Likewise, the various road schemes could also be centrally-supported, perhaps under the aegis of the Union Connectivity Review (remember that?). Indeed Gwynedd Council, which is run by Plaid Cymru, has already appealed to Westminster to revive the Llanbedr bypass.
But if ministers were feeling really bold – and this point in the political cycle is the time for boldness – why not go further, and offer North Wales an independent vote on a proper, comprehensive devolution settlement?
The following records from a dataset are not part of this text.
(* The certificate [z] is a rational close to (y - 2^s) / (y + 2^s), so that 2^s (1+z)/(1-z)
   approximates y. *)
Ltac ln_certificate z s :=
  try unfold Lq;
  first [ apply (ln_le_certificate _ z _ s) | apply (ln_ge_certificate _ z _ s) ];
  [ nra | lra | simpl; nra
  | pose proof ln2_bounds; unfold log_ratio_taylor; simpl IZR; lra ].

Definition defect (k x : R) : R := Lq x - k * Lq (x^2).

Lemma Lq_le (s t : R) : 0 <= s <= t -> t < 1/2 -> Lq s <= Lq t.
Proof.
  intros Hst Ht. unfold Lq. apply ln_le; [apply Rdiv_lt_0_compat; lra|].
  assert (E : (1 - t) / (1 - 2 * t) - (1 - s) / (1 - 2 * s)
              = (t - s) / ((1 - 2 * t) * (1 - 2 * s))) by (field; lra).
  assert (0 <= (t - s) / ((1 - 2 * t) * (1 - 2 * s)))
    by (apply Rdiv_le_0_compat; [lra | apply Rmult_lt_0_compat; lra]).
  lra.
Qed.

Lemma Lq_pos (t : R) : 0 < t < 1/2 -> 0 < Lq t.
Proof.
  intros Ht. unfold Lq. rewrite <- ln_1. apply ln_increasing; [lra|].
  assert (E : (1 - t) / (1 - 2 * t) - 1 = t / (1 - 2 * t)) by (field; lra).
  assert (0 < t / (1 - 2 * t)) by (apply Rdiv_lt_0_compat; lra).
  lra.
Qed.

Lemma ln_Psi_hat (x : R) : x^2 < 1/2 -> ln (Psi_hat x) = - Lq (x^2).
Proof.
  intros Hx. unfold Psi_hat, Lq.
  replace ((1 - 2 * x^2) / (1 - x^2)) with (/ ((1 - x^2) / (1 - 2 * x^2))) by (field; lra).
  apply ln_Rinv. apply Rdiv_lt_0_compat; lra.
Qed.

Lemma Psi_fixed_iff (d x : R) : 1 < d -> 0 < x <= 1/2 ->
  (Psi d x = x <-> x < 1/2 /\ defect (d - 1) x = 0).
Proof.
  intros Hd Hx.
  assert (HL : 0 < Lq (x^2)) by (apply Lq_pos; nra).
  set (E := exp ((d - 1) * Lq (x^2))).
  assert (HE : 1 < E).
  { rewrite <- exp_0. apply exp_increasing. apply Rmult_lt_0_compat; lra. }
  assert (HPsi : Psi d x = (1 - / E) / (2 - / E)).
  { unfold Psi, Psi_dot, Rpower. rewrite ln_Psi_hat by nra.
    replace ((d - 1) * - Lq (x^2)) with (- ((d - 1) * Lq (x^2))) by ring.
    rewrite exp_Ropp. reflexivity. }
  assert (Hw : 0 < / E < 1).
  { split; [apply Rinv_0_lt_compat; lra|].
    rewrite <- Rinv_1. apply Rinv_lt_contravar; lra. }
  assert (HLq : x < 1/2 -> exp (Lq x) = (1 - x) / (1 - 2 * x)).
  { intros Hx2. unfold Lq. apply exp_ln. apply Rdiv_lt_0_compat; lra. }
  rewrite HPsi. unfold defect. split.
  - intros Hfix.
    assert (Hx2 : x < 1/2).
    { destruct (Req_dec x (1/2)) as [Ehalf|]; [|lra].
      assert (1 - / E = x * (2 - / E)) by (rewrite <- Hfix; field; lra).
      rewrite Ehalf in *. lra. }
    split; [exact Hx2|].
    assert (Hinv : / E = (1 - 2 * x) / (1 - x)).
    { rewrite <- Hfix. field. lra. }
    assert (HEx : E = exp (Lq x)).
    { rewrite HLq by exact Hx2. rewrite <- (Rinv_inv E), Hinv. field. lra. }
    apply exp_inv in HEx. lra.
  - intros [Hx2 Hdef].
    assert (HEx : E = (1 - x) / (1 - 2 * x)).
    { rewrite <- HLq by exact Hx2. unfold E. f_equal. lra. }
    rewrite HEx. field. lra.
Qed.

Lemma defect_neg_of_enclosure (k k0 x a b : R) : 0 <= k0 <= k -> 0 < a <= x -> x <= b < 1/2 ->
  Lq b < k0 * Lq (a^2) -> defect k x < 0.
Proof.
  intros Hk Hax Hxb Hab. unfold defect.
  assert (Hb : Lq x <= Lq b) by (apply Lq_le; lra).
  assert (Ha2 : Lq (a^2) <= Lq (x^2)) by (apply Lq_le; nra).
  assert (Ha2pos : 0 < Lq (a^2)) by (apply Lq_pos; nra).
  assert (k0 * Lq (a^2) <= k * Lq (x^2)) by (apply Rmult_le_compat; lra).
  lra.
Qed.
That could be a Metro Mayor, as called for by Sheibani. But it could also include a full-fat option for a North Wales Assembly, exercising all the powers currently exercised by the Senedd in Cardiff.
Naturally, the nationalists and devocrats would shout their heads off. It was Mark Drakeford, after all, who opened Welsh Labour’s 2021 manifesto with the false description of the UK as “a voluntary association of four nations with sovereignty shared among its four democratic legislatures”.
But there is no reason, if you’re not a Welsh nationalist, for Wales to be immune to the democratic logic that delivered the Welsh Parliament in the first place; if the people of North Wales were prepared to vote for their own legislature, why should their government in London not empower them to do so?
Remember that for all that it now positions itself as the voice of Wales, the Senedd was only endorsed by the barest of margins back in 1998. Since then, turnout for a Welsh election has yet to top 50 per cent: in 2021 it was just 46.6 per cent, exactly a full 20 points lower than at the 2019 general election.
It should not be the position of the British Government that the United Kingdom is a political unit of second-order legitimacy vis-à-vis its constituent parts; that it can be divided when popular sentiment demands it, but not they – especially when so many more of then turn out to elect representatives to our united Parliament. As Andrew Bonar Law wrote over a century ago in The Case for the Union:
“Every argument which can be adduced in favour of separate treatment for the Irish Nationalist minority as against the majority of the United Kingdom, applies with far greater force in favour of separate treatment for the Unionists of Ulster as against the majority of Ireland.”
As the woes of the SNP have amply demonstrated, there is much more scope for standing up to those undermining the UK than orthodox devolutionary thinking supposed. But it would be criminal folly to squander that by merely standing still, rather than using the new political space to pro-actively build a stronger British state.
Such passivity was how the Thatcher Government’s ended up squandering the annus mirabilis of 1979. The Conservatives should not make the same again.